- Date: 3–9 November
- Edition: 6th
- Surface: Hard (Indoor)
- Location: Helsinki, Finland

Champions

Singles
- Patrick Kypson

Doubles
- Jakob Schnaitter / Mark Wallner
| HPP Open |

= 2025 HPP Open =

The 2025 HPP Open was a professional tennis tournament played on hard courts. It was the sixth edition of the tournament which was part of the 2025 ATP Challenger Tour. It took place in Helsinki, Finland between 3 and 9 November 2025.
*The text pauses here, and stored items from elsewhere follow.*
(* If the rows of ${\bf q}$ are pairwise distinct, then $\mathrm{Aut}_{\rm gr}(\mathcal{O}_{\bf q}(k^{n}))\cong(k^* )^n\rtimes\mathcal P_{\bf q}$.
   Context: Let $k$ be a field, $k^*=k\setminus\{0\}$, $n\ge1$, and ${\bf q}=(q_{ij})\in\mathcal M_n(k)$ with $q_{ij}q_{ji}=1$, $q_{ii}=1$ for all $i,j$. The quantum affine space is $\mathcal{O}_{\bf q}(k^{n})=k\langle x_1,\dots,x_n\rangle/\langle x_jx_i-q_{ij}x_ix_j,\ 1\le i,j\le n\rangle$, $\mathbb N$-graded with $\deg x_i=1$; $\mathrm{Aut}_{\rm gr}$ denotes its group of graded algebra automorphisms. $\mathcal P_{\bf q}=\{\pi\in S_n: q_{\pi(i)\pi(j)}=q_{ij}\ \forall\,1\le i,j\le n\}$, acting on $(k^* )^n$ (the diagonal automorphisms $x_i\mapsto\lambda_ix_i$) by permuting coordinates. *)

From HB Require Import structures.
From mathcomp Require Import all_boot all_order all_algebra all_fingroup.
Set Implicit Arguments. Unset Strict Implicit. Unset Printing Implicit Defensive.
Import GRing.Theory.
Local Open Scope ring_scope.

Section QuantumAffine.
Variables (k : fieldType) (n : nat).

Definition q_rel (q : 'M[k]_n) (B : algType k) (y : 'I_n -> B) : Prop :=
  forall i j : 'I_n, y j * y i = q i j *: (y i * y j).

Definition alg_hom (A B : algType k) (f : A -> B) : Prop :=
  [/\ forall (a : k) (u v : A), f (a *: u + v) = a *: f u + f v,
      forall u v : A, f (u * v) = f u * f v
    & f 1 = 1].

(* (A, x) is the algebra k<x_1..x_n>/<x_j x_i - q_ij x_i x_j>, given by its
   universal property as a presented algebra. *)
Definition is_quantum_affine_space (q : 'M[k]_n) (A : algType k)
    (x : 'I_n -> A) : Prop :=
  q_rel q x /\
  forall (B : algType k) (y : 'I_n -> B), q_rel q y ->
    exists g : A -> B,
      [/\ alg_hom g, forall i, g (x i) = y i
        & forall h : A -> B, alg_hom h -> (forall i, h (x i) = y i) -> h =1 g].

Definition homog (A : algType k) (x : 'I_n -> A) (d : nat) (u : A) : Prop :=
  exists (m : nat) (c : 'I_m -> k) (s : 'I_m -> seq 'I_n),
    (forall j, size (s j) = d) /\
    u = \sum_(j < m) c j *: \prod_(i <- s j) x i.

Definition graded_aut (A : algType k) (x : 'I_n -> A) (f : A -> A) : Prop :=
  [/\ alg_hom f, bijective f & forall d u, homog x d u -> homog x d (f u)].

Definition Pq (q : 'M[k]_n) : {set {perm 'I_n}} :=
  [set p : {perm 'I_n} | [forall i, forall j, q (p i) (p j) == q i j]].

(* left action of S_n on (k^* )^n by permuting coordinates:
   (pi . mu)_i = mu_{pi^{-1}(i)} *)
Definition perm_act (p : {perm 'I_n}) (mu : 'I_n -> k) : 'I_n -> k :=
  fun i => mu ((p^-1)%g i).

End QuantumAffine.

(* A graded automorphism f sends x_i to a combination sum_a C_ia x_a with C
   invertible.  No basis of O_q(k^n) is available, so the coefficients of
   f(x_j) f(x_i) = q_ij f(x_i) f(x_j) are read off through representations of
   the presented algebra: the characters x_e |-> delta_ea into k, and, for
   a <> b, a representation in 4x4 matrices sending x_a, x_b to the generators
   of a quantum exterior algebra.  The resulting quadratic identities, the
   invertibility of C and the distinctness of the rows of q force each row of C
   to have exactly one nonzero entry, in a column given by a permutation lying
   in P_q, so f is x_i |-> lam_(p i) x_(p i).  Conversely these maps exist by
   the universal property and compose as in the semidirect product. *)

From mathcomp Require Import all_boot all_order all_algebra all_fingroup.
From mathcomp Require Import ring.
From Stdlib Require Import ClassicalEpsilon.
Set Implicit Arguments.
Unset Strict Implicit.
Unset Printing Implicit Defensive.

Import GRing.Theory.
Local Open Scope ring_scope.

Section AlgHom.
Variables (k : fieldType) (A B : algType k) (f : A -> B).
Hypothesis hom_f : alg_hom f.

Lemma alg_homD u v : f (u + v) = f u + f v.
Proof. by case: hom_f => lin _ _; have := lin 1 u v; rewrite !scale1r. Qed.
==Singles main-draw entrants==
===Seeds===

| Country | Player | Rank^{1} | Seed |
|---|---|---|---|
| CRO | Marin Čilić | 75 | 1 |
| ITA | Luca Nardi | 81 | 2 |
| USA | Brandon Holt | 109 | 3 |
| SRB | Dušan Lajović | 116 | 4 |
| USA | Patrick Kypson | 146 | 5 |
| FIN | Otto Virtanen | 147 | 6 |
| ITA | Giulio Zeppieri | 153 | 7 |
| CRO | Luka Mikrut | 160 | 8 |

- ^{1} Rankings are as of 27 October 2025.

===Other entrants===
The following players received wildcards into the singles main draw:
- FIN Oskari Paldanius
- FIN Emil Ruusuvuori
- FIN Eero Vasa

The following player received entry into the singles main draw using a protected ranking:
- ITA Stefano Napolitano

The following players received entry into the singles main draw as special exempts:
- FRA Titouan Droguet
- ITA Lorenzo Giustino

The following players received entry from the qualifying draw:
- FRA Geoffrey Blancaneaux
- LTU Edas Butvilas
- CRO Matej Dodig
- NOR Viktor Durasovic
- FRA Sascha Gueymard Wayenburg
- GBR Stuart Parker

==Champions==
===Singles===

- USA Patrick Kypson def. FIN Otto Virtanen 4–6, 6–3, 6–4.

===Doubles===

- GER Jakob Schnaitter / GER Mark Wallner def. ROU Alexandru Jecan / ROU Bogdan Pavel 6–2, 4–6, [10–6].